Relevance measures for subset variable selection in regression problems based on k-additive mutual information

  • Authors:
  • Ivan Kojadinovic

  • Affiliations:
  • LINA CNRS FRE 2729, Site école polytechnique de l'université de Nantes, Rue Christian Pauc, 44306 Nantes, France

  • Venue:
  • Computational Statistics & Data Analysis
  • Year:
  • 2005

Quantified Score

Hi-index 0.03

Visualization

Abstract

In the framework of subset variable selection for regression, relevance measures based on the notion of mutual information are studied. Results on the estimation of this index of stochastic dependence in a continuous setting are first presented. They are grounded on kernel density estimation which makes the overall estimation of the mutual information quadratic.

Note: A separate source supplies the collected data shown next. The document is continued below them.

Lemma mixed_deriveC (q : V) :
  {for q, continuous ('D_v ('D_u g))} -> {for q, continuous ('D_u ('D_v g))} ->
  'D_v ('D_u g) q = 'D_u ('D_v g) q.
Proof.
move=> cuv cvu; apply/eqP; rewrite -subr_eq0 -normr_le0.
apply/ler_addgt0Pr => e e0; rewrite add0r.
have e20 : 0 < e / 2 by rewrite divr_gt0.
have /nbhs_ballP[d d0 near_q] : \forall z \near q,
    `|'D_v ('D_u g) q - 'D_v ('D_u g) z| < e / 2 /\
    `|'D_u ('D_v g) q - 'D_u ('D_v g) z| < e / 2.
  exact: filterI ((cvgrPdist_lt _ _).1 cuv _ e20)
                ((cvgrPdist_lt _ _).1 cvu _ e20).
have [a /near_q[qa _] [b /near_q[_ qb] ab]] := mixed_derives_meet q d0.
have close (x y z z' : R) :
    z = z' -> `|x - z| < e / 2 -> `|y - z'| < e / 2 -> `|x - y| <= e.
  move=> <- xz yz; rewrite (splitr e).
  by apply: le_trans (ler_distD z x y) _; rewrite (distrC z); apply/ltW/ltrD.
exact: close ab qa qb.
Qed.

End Schwarz.

Section Calculus.
Context {R : realType}.

Section LinearFun.
Variables (U W : normedModType R) (f : U -> W).
Hypotheses (lin_f : linear f) (cont_f : continuous f).

Let fL : {linear U -> W} := HB.pack f (GRing.isLinear.Build _ _ _ _ f lin_f).

Lemma differentiable_linear (x : U) : differentiable f x.
Proof. exact: (@linear_differentiable _ _ _ fL). Qed.

Lemma diff_linear (x : U) : 'd f x = f :> (U -> W).
Proof. exact: (@diff_lin _ _ _ fL). Qed.

End LinearFun.

Lemma differentiable_comp_fst (U U' W : normedModType R) (f : U -> W)
    (x : U * U') :
  differentiable f x.1 -> differentiable (fun y => f y.1) x.
Proof.
apply: (@differentiable_comp _ _ _ _ fst).
by apply: differentiable_linear => // y; exact: cvg_fst.
Qed.

Lemma differentiable_comp_snd (U U' W : normedModType R) (f : U' -> W)
    (x : U * U') :
  differentiable f x.2 -> differentiable (fun y => f y.2) x.
Proof.
apply: (@differentiable_comp _ _ _ _ snd).
by apply: differentiable_linear => // y; exact: cvg_snd.
Qed.

Lemma derive_comp_fst (U U' W : normedModType R) (f : U -> W) (x v : U * U') :
  'D_v (fun y => f y.1) x = 'D_(v.1) f x.1.
Proof. by []. Qed.

Lemma derive_comp_snd (U U' W : normedModType R) (f : U' -> W) (x v : U * U') :
  'D_v (fun y => f y.2) x = 'D_(v.2) f x.2.
Proof. by []. Qed.

Lemma derive_coord (m p : nat) (M N : 'M[R]_(m, p)) i j :
  'D_N (fun A : 'M[R]_(m, p) => A i j) M = N i j.
Proof.
by rewrite -[in RHS](derive_id M N) derive_mx ?mxE //; apply: derivable_id.
Qed.

Section RowValued.
Variables (U : normedModType R) (n : nat) (f : 'I_n -> U -> R) (x : U).

Lemma differentiable_row :
  (forall i, differentiable (f i) x) -> differentiable (fun y => \row_i f i y) x.
Proof.
move=> df.
have -> : (fun y => \row_i f i y) = \sum_i (fun y => f i y *: delta_mx 0 i).
  apply/funext => y; rewrite fct_sumE [LHS]row_sum_delta.
  by under eq_bigr do rewrite mxE.
by apply: differentiable_sum => i; apply: differentiableZl.
Qed.

Lemma diff_row : (forall i, differentiable (f i) x) ->
  forall v, 'd (fun y => \row_i f i y) x v = \row_i 'D_v (f i) x.
Proof.
move=> df v; have dr := differentiable_row df.
rewrite -deriveE // derive_mx; last exact: diff_derivable.
apply/rowP => i; rewrite !mxE; congr ('D_v _ x).
by apply/funext => y; rewrite mxE.
Qed.

End RowValued.
(* Let $G=P_n$ be a path on $n\ge3$ vertices, and let $L$ be a list-assignment with $|L(v)|\ge\deg(v)+1$ for all $v\in V(G)$. If $\alpha$ and $\beta$ are both unfrozen $L$-colourings and $\left|\bigcup_{v\in V(G)}L(v)\right|\ge4$, then $\alpha\sim\beta$.
   Context: An $L$-colouring is a proper colouring $\varphi$ with $\varphi(v)\in L(v)$ for all $v$. A vertex $v$ is frozen under $\varphi$ if every colour of $L(v)\setminus\{\varphi(v)\}$ appears on a neighbour of $v$; a colouring is unfrozen if at least one vertex is not frozen. $\alpha\sim\beta$ means $\alpha$ can be transformed into $\beta$ by a sequence of single-vertex recolouring steps, each keeping the colouring a proper $L$-colouring. *)

From mathcomp Require Import all_boot.
From Stdlib Require Import Relation_Operators.
Set Implicit Arguments. Unset Strict Implicit. Unset Printing Implicit Defensive.

Definition path_adj (n : nat) (i j : 'I_n) : bool :=
  (i.+1 == j :> nat) || (j.+1 == i :> nat).

Definition path_deg (n : nat) (v : 'I_n) : nat := #|[pred u : 'I_n | path_adj v u]|.

(* A list assignment: each vertex gets a finite list of colours (natural numbers);
   |L(v)| is the number of distinct colours in L v. *)
Definition list_size (s : seq nat) : nat := size (undup s).

Definition union_size (n : nat) (L : 'I_n -> seq nat) : nat :=
  size (undup (flatten [seq L v | v <- enum 'I_n])).

Definition is_Lcol (n : nat) (L : 'I_n -> seq nat) (phi : 'I_n -> nat) : Prop :=
  (forall v, phi v \in L v) /\ (forall u v, path_adj u v -> phi u <> phi v).

Definition frozen (n : nat) (L : 'I_n -> seq nat) (phi : 'I_n -> nat) (v : 'I_n) : Prop :=
  forall c, c \in L v -> c <> phi v -> exists u, path_adj v u /\ phi u = c.

Definition unfrozen (n : nat) (L : 'I_n -> seq nat) (phi : 'I_n -> nat) : Prop :=
  exists v, ~ frozen L phi v.

Definition recol_step (n : nat) (L : 'I_n -> seq nat) (a b : 'I_n -> nat) : Prop :=
  is_Lcol L a /\ is_Lcol L b /\ exists v, forall u, u <> v -> a u = b u.

Definition reconf (n : nat) (L : 'I_n -> seq nat) (a b : 'I_n -> nat) : Prop :=
  clos_refl_trans_1n ('I_n -> nat) (@recol_step n L) a b.

From mathcomp Require Import all_boot zify.
From Stdlib Require Import Relation_Operators Operators_Properties.
Set Implicit Arguments. Unset Strict Implicit. Unset Printing Implicit Defensive.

The behavior of the mutual information as a relevance measure is then empirically studied on several regression problems. The considered problems are artificially generated to contain irrelevant and redundant candidate explanatory variables as well as strongly nonlinear relationships. Next, still in a subset variable selection context, computationally more efficient approximations of the mutual information based on the notion of k-additive truncation are proposed. The 2- and 3-additive truncations appear to be of practical interest as relevance measures. The 2-additive truncation is based on the computation of the approximate relevance of a set of potential predictors from the relevance values of the singletons and pairs it contains. The 3-additive truncation additionally involves the relevance values of the 3-element subsets. The lower the amount of redundancy among the candidate explanatory variables, the better these approximations. The sample behavior of the two resulting relevance measures is finally empirically studied on the previously generated nonlinear artificial regression problems.